*Exercise inputs:*
BEGIN
Let cK : closed_normal K. Proof. apply chiefKL. Qed.
Let cL : closed_normal L. Proof. apply chiefKL. Qed.
Let LK : subset L K. Proof. apply chiefKL. Qed.
Let cC : closed_normal C. Proof. apply centraliser_cn; auto. Qed.
Let LC : subset L C. Proof. apply subset_centraliser; auto. Qed.
Let KCL : subset (setI K C) L. Proof. apply chief_centraliser; auto. Qed.

Lemma closure_setmul_cover (N : gset G) :
  closed_normal N -> ~ subset N C -> subset K (closure (setmul N L)).
Proof.
  intros cN NC; destruct (not_subset_centraliser NC) as [n [k [Nn [Kk notL]]]].
  destruct (chief_factor_eq chiefKL (N := setI K (closure (setmul N L)))) as [E | E].
  - apply cn_setI, cn_closure_setmul; auto.
  - intros x Lx; split; [apply LK, Lx | apply subset_closure, subset_setmul_r; auto].
  - intros x []; auto.
  - exfalso; apply notL; rewrite <- E; split.
    + apply commg_mem_r; auto.
    + apply subset_closure, subset_setmul_l, commg_mem_l; auto.
  - intros x Kx; rewrite <- E in Kx; apply Kx.
Qed.

Lemma commg_mem_of_cover (N : gset G) a :
  closed_normal N -> subset K (closure (setmul N L)) ->
  (forall l, L l -> N (commg a l)) -> forall k, K k -> N (commg a k).
Proof.
  intros cN cover NaL k Kk.
  apply (closure_preimage (f := fun z => commg a z) (S := setmul N L));
    auto using continuous_commg_r.
  intros z [n [l [Nn [Ll ->]]]]; rewrite commgMr.
  apply subgroupM; auto; apply normalJ, commg_mem_r; auto.
Qed.

Variables A B : gset G.
Hypothesis cA : closed_normal A.
Hypothesis BA : subset B A.
Hypothesis BC : subset B C.
Hypothesis AC : ~ subset A C.

Definition exit_bottom : gset G := setI A C.

Definition exit_top : gset G :=
  cn_gen (fun x => (exists a k, A a /\ K k /\ x = commg a k) \/ exit_bottom x).

Lemma cn_exit_bottom : closed_normal exit_bottom.
Proof. apply cn_setI; auto. Qed.

Lemma cn_exit_top : closed_normal exit_top.
Proof. apply cn_gen_cn. Qed.

Local Hint Resolve cn_exit_bottom cn_exit_top : core.

Lemma subset_exit_bottom : subset B exit_bottom.
Proof. intros x Bx; split; auto. Qed.

Lemma exit_bottom_top : subset exit_bottom exit_top.
Proof. intros y Yy; apply subset_cn_gen; right; exact Yy. Qed.

Lemma exit_top_sub : subset exit_top A.
Proof.
  apply cn_gen_min; auto.
  intros x [[a [k [Aa [Kk ->]]]] | [Ax _]]; [apply commg_mem_l |]; auto.
Qed.

Lemma exit_top_not_central : ~ subset exit_top C.
Proof.
  destruct (not_subset_centraliser AC) as [a [k [Aa [Kk notL]]]].
  intro topC; apply notL, KCL; split; [apply commg_mem_r; auto |].
  apply topC, subset_cn_gen; left; eauto.
Qed.

Lemma exit_chief : chief_factor exit_top exit_bottom.
Proof.
  split.
  - split; [exact cn_exit_top | split; [exact cn_exit_bottom | split; [exact exit_bottom_top |]]].
    intro topY; apply exit_top_not_central; intros x Tx; apply topY, Tx.
  - intros N cN YN NX.
    destruct (classic (subset N C)) as [NC | NC]; [left | right]; intro x; split; auto.
    + intro Nx; split; [apply exit_top_sub, NX, Nx | apply NC, Nx].
    + revert x; apply cn_gen_min; auto.
      intros x [[a [k [Aa [Kk ->]]]] | Yx]; [| apply YN, Yx].
      apply (commg_mem_of_cover (N := N)); auto using closure_setmul_cover.
      intros l Ll; apply YN; split; [apply commg_mem_l | apply LC, commg_mem_r]; auto.
Qed.

Lemma exit_associated : associated K L exit_top exit_bottom.
Proof.
  assert (KXL : subset K (closure (setmul exit_top L)))
    by (apply closure_setmul_cover; auto using exit_top_not_central).
  assert (LYC : subset (closure (setmul L exit_bottom)) C).
  { apply closure_min; auto; apply setmul_min; auto; intros y [_ Cy]; exact Cy. }
  assert (cKY : closed_normal (closure (setmul K exit_bottom)))
    by (apply cn_closure_setmul; auto).
  assert (cXL : closed_normal (closure (setmul exit_top L)))
    by (apply cn_closure_setmul; auto).
  split; [| split]; intro x; split.
  - revert x; apply closure_min; auto.
    apply setmul_min; auto.
    intros y Yy; apply subset_closure, subset_setmul_l, exit_bottom_top; auto.
  - revert x; apply closure_min; auto.
    apply setmul_min; auto.
    + apply cn_gen_min; auto.
      intros y [[a [k [Aa [Kk ->]]]] | Yy].
      * apply subset_closure, subset_setmul_l, commg_mem_r; auto.
      * apply subset_closure, subset_setmul_r; auto.
    + intros y Ly; apply subset_closure, subset_setmul_l, LK; auto.
  - intros [Kx clx]; apply KCL; split; [exact Kx | apply LYC, clx].
  - intro Lx; split; [apply LK, Lx | apply subset_closure, subset_setmul_l; auto].
  - intros [Tx clx]; split; [apply exit_top_sub, Tx | apply LYC, clx].
  - intro Yx; split; [apply exit_bottom_top, Yx | apply subset_closure, subset_setmul_r; auto].
Qed.

Lemma exit_chief_eq : chief_factor A B -> exit_top = A /\ exit_bottom = B.
Proof.
  intro chiefAB.
  assert (EY : exit_bottom = B).
  { destruct (chief_factor_eq chiefAB (N := exit_bottom)) as [E | E]; auto.
    - exact subset_exit_bottom.
    - intros x []; auto.
    - exfalso; apply AC; rewrite <- E; intros x []; auto. }
  split; [| exact EY].
  destruct (chief_factor_eq chiefAB (N := exit_top)) as [E | E]; auto.
  - rewrite <- EY; exact exit_bottom_top.
  - exact exit_top_sub.
  - exfalso; apply (proj1 exit_chief); rewrite E, EY; intros x Bx; exact Bx.
Qed.

End Exit.

Lemma exists_sublist_in (F : gset G -> Prop) (l' : list (gset G)) :
  exists l, (forall U, In U l -> F U) /\ (forall U, In U l' -> F U -> In U l).
Proof.
  induction l' as [| V l' [l [lF l'l]]].
  - exists nil; split; intros U [].
  - destruct (classic (F V)) as [FV | FV].
    + exists (V :: l); split.
      * intros U [<- | inU]; auto.
      * intros U [<- | inU] FU; [left | right]; auto.
    + exists l; split; auto; intros U [<- | inU] FU; [contradiction | auto].
Qed.

Lemma factor_compact_sub (A B X Y : gset G) :
  closed_normal X -> closed_normal Y ->
  subset B Y -> subset Y X -> subset X A -> factor_compact A B -> factor_compact X Y.
Proof.
  intros cX cY BY YX XA compAB F openF cover.
  destruct (compAB (fun U => F U \/ U = (fun x => ~ X x))) as [l' [l'F cover']].
  - intros U [FU | ->]; [apply openF, FU | apply cn_closed, cX].
  - intros x Ax; destruct (classic (X x)) as [Xx | Xx].
    + destruct (cover x Xx) as [U [FU Ux]]; exists U; auto.
    + exists (fun x => ~ X x); auto.
  - destruct (exists_sublist_in F l') as [l [lF l'l]].
    exists l; split; auto.
    intros x Xx; destruct (cover' x (XA x Xx)) as [U [inU [u [b [Uu [Bb ->]]]]]].
    destruct (l'F U inU) as [FU | ->].
    + exists U; split; auto; exists u, b; auto.
    + exfalso; apply Uu.
      replace u with (u ⋅ b ⋅ b⁻¹) by gsimpl.
      apply subgroupM, subgroupV; auto.
Qed.
Lemma rank1_op_bounded u v f : vnorm f = 1 ->
  cabs (ip (rank1_op u v f) f) <= vnorm u * vnorm v.
Proof.
move=> f1; rewrite ip_rank1_op -lecR cabsE normrM rmorphM.
have := ler_pM (normr_ge0 _) (normr_ge0 _) (normC_ip_le f u) (normC_ip_le v f).
by rewrite f1 rmorph1 mul1r mulr1.
Qed.

Lemma numrad_rank1_op_le u v : numrad (rank1_op u v) <= vnorm u * vnorm v.
Proof. by apply: numrad_le (@rank1_op_bounded u v); rewrite mulr_ge0 ?vnorm_ge0. Qed.

Lemma numrad_rank1_op_ge0 u v : 0 <= numrad (rank1_op u v).
Proof. exact: numrad_ge0 (@rank1_op_bounded u v). Qed.

Lemma normC_ip_rank1_op_le u v w :
  `|ip (rank1_op u v w) w| <= rc (numrad (rank1_op u v)) * ip w w.
Proof.
have [->|w0] := eqVneq w 0; first by rewrite !ip0r normr0 mulr0.
have ww_gt0 : 0 < ip w w by rewrite lt_def ip_eq0 w0 ip_ge0.
set s := (sqrtC (ip w w))^-1.
have sC : s^* = s by rewrite conj_Creal // rpredV sqrtC_real // ltW.
have ss : s * s = (ip w w)^-1 by rewrite -expr2 exprVn sqrtCK.
have sw1 : vnorm (s *: w) = 1.
  apply: complexI; rewrite rmorph1; apply/eqP.
  rewrite -sqrp_eq1 ?ler0c ?vnorm_ge0 // vnormCK ipZl ipZr sC mulrA ss.
  by rewrite mulVf // gt_eqF.
have := le_numrad (@rank1_op_bounded u v) sw1.
have -> : ip (rank1_op u v (s *: w)) (s *: w)
    = ip (rank1_op u v w) w / ip w w.
  by rewrite !ip_rank1_op ipZl ipZr sC -ss; ring.
rewrite -lecR cabsE normrM normfV [`|ip w w|]gtr0_norm //.
by rewrite ler_pdivrMr // mulrC.
Qed.

Lemma numrad_rank1_op_ge u v :
  (vnorm u * vnorm v + cabs (ip u v)) / 2 <= numrad (rank1_op u v).
Proof.
rewrite -lecR !rmorphM rmorphD !rmorphM /= fmorphV /= cabsE rmorph_nat.
rewrite ipC norm_conjC.
set p := rc (vnorm u); set q := rc (vnorm v); set k : C := `|ip v u|.
have p_ge0 : 0 <= p by rewrite ler0c vnorm_ge0.
have q_ge0 : 0 <= q by rewrite ler0c vnorm_ge0.
have k_ge0 : 0 <= k by exact: normr_ge0.
have k_le : k <= q * p by exact: normC_ip_le.
have [pq0|pq_neq0] := eqVneq (p * q) 0.
  have -> : k = 0 by apply/le_anti; rewrite k_ge0 andbT -pq0 mulrC.
  by rewrite pq0 addr0 mul0r ler0c numrad_rank1_op_ge0.
have pq_gt0 : 0 < p * q by rewrite lt_def pq_neq0 mulr_ge0.
have [mu mu1 muk] := phase_exists (ip v u).
have mu0 : mu != 0 by rewrite -normr_eq0 mu1 oner_eq0.
have muC : mu^* = mu^-1 by rewrite invC_norm mu1 expr1n invr1 mul1r.
have vu : ip v u = mu^-1 * k by rewrite -[k]muk mulKf.
have uv : ip u v = mu * k.
  by rewrite ipC vu rmorphM /= fmorphV /= muC invrK conj_Creal // ger0_real.
have pC : p^* = p by rewrite conj_Creal // ger0_real.
have qC : q^* = q by rewrite conj_Creal // ger0_real.
have uu : ip u u = p ^+ 2 by rewrite vnormCK.
have vv : ip v v = q ^+ 2 by rewrite vnormCK.
(* rotating [v] by the phase [mu] of [<v,u>] makes [w] a maximising test vector *)
set w := q *: u + (mu * p) *: v.
have wu : ip w u = p * (p * q + k) by rewrite ipDl !ipZl uu vu; field.
have vw : ip v w = mu^-1 * (q * (p * q + k)).
  by rewrite ipDr !ipZr qC rmorphM /= pC muC vv vu; field.
have ww : ip w w = 2 * (p * q) * (p * q + k).
  by rewrite ipDl !ipDr !ipZl !ipZr qC rmorphM /= pC muC uu vv uv vu; field.
have := normC_ip_rank1_op_le u v w.
rewrite ip_rank1_op wu vw ww mulrCA normrM normfV mu1 invr1 mul1r.
have pqk_gt0 : 0 < p * q + k by rewrite ltr_wpDr.
have pqk_ge0 := ltW pqk_gt0.
rewrite ger0_norm; last by rewrite !mulr_ge0.
have X_gt0 : 0 < 2 * (p * q) * (p * q + k) by rewrite mulr_gt0 // mulr_gt0.
have -> : p * (p * q + k) * (q * (p * q + k))
    = (p * q + k) / 2 * (2 * (p * q) * (p * q + k)) by field.
by rewrite ler_pM2r.
Qed.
END
*Aim of the task:*
Look back at the entries above. Retype the line with "Hypothesis AC : ~ subset A C.", the line with "split; [| split]; intro x; split.", and all lines in between.

*Answer to this task:*
Hypothesis AC : ~ subset A C.

Definition exit_bottom : gset G := setI A C.

Definition exit_top : gset G :=
  cn_gen (fun x => (exists a k, A a /\ K k /\ x = commg a k) \/ exit_bottom x).

Lemma cn_exit_bottom : closed_normal exit_bottom.
Proof. apply cn_setI; auto. Qed.

Lemma cn_exit_top : closed_normal exit_top.
Proof. apply cn_gen_cn. Qed.

Local Hint Resolve cn_exit_bottom cn_exit_top : core.

Lemma subset_exit_bottom : subset B exit_bottom.
Proof. intros x Bx; split; auto. Qed.

Lemma exit_bottom_top : subset exit_bottom exit_top.
Proof. intros y Yy; apply subset_cn_gen; right; exact Yy. Qed.

Lemma exit_top_sub : subset exit_top A.
Proof.
  apply cn_gen_min; auto.
  intros x [[a [k [Aa [Kk ->]]]] | [Ax _]]; [apply commg_mem_l |]; auto.
Qed.

Lemma exit_top_not_central : ~ subset exit_top C.
Proof.
  destruct (not_subset_centraliser AC) as [a [k [Aa [Kk notL]]]].
  intro topC; apply notL, KCL; split; [apply commg_mem_r; auto |].
  apply topC, subset_cn_gen; left; eauto.
Qed.

Lemma exit_chief : chief_factor exit_top exit_bottom.
Proof.
  split.
  - split; [exact cn_exit_top | split; [exact cn_exit_bottom | split; [exact exit_bottom_top |]]].
    intro topY; apply exit_top_not_central; intros x Tx; apply topY, Tx.
  - intros N cN YN NX.
    destruct (classic (subset N C)) as [NC | NC]; [left | right]; intro x; split; auto.
    + intro Nx; split; [apply exit_top_sub, NX, Nx | apply NC, Nx].
    + revert x; apply cn_gen_min; auto.
      intros x [[a [k [Aa [Kk ->]]]] | Yx]; [| apply YN, Yx].
      apply (commg_mem_of_cover (N := N)); auto using closure_setmul_cover.
      intros l Ll; apply YN; split; [apply commg_mem_l | apply LC, commg_mem_r]; auto.
Qed.

Lemma exit_associated : associated K L exit_top exit_bottom.
Proof.
  assert (KXL : subset K (closure (setmul exit_top L)))
    by (apply closure_setmul_cover; auto using exit_top_not_central).
  assert (LYC : subset (closure (setmul L exit_bottom)) C).
  { apply closure_min; auto; apply setmul_min; auto; intros y [_ Cy]; exact Cy. }
  assert (cKY : closed_normal (closure (setmul K exit_bottom)))
    by (apply cn_closure_setmul; auto).
  assert (cXL : closed_normal (closure (setmul exit_top L)))
    by (apply cn_closure_setmul; auto).
  split; [| split]; intro x; split.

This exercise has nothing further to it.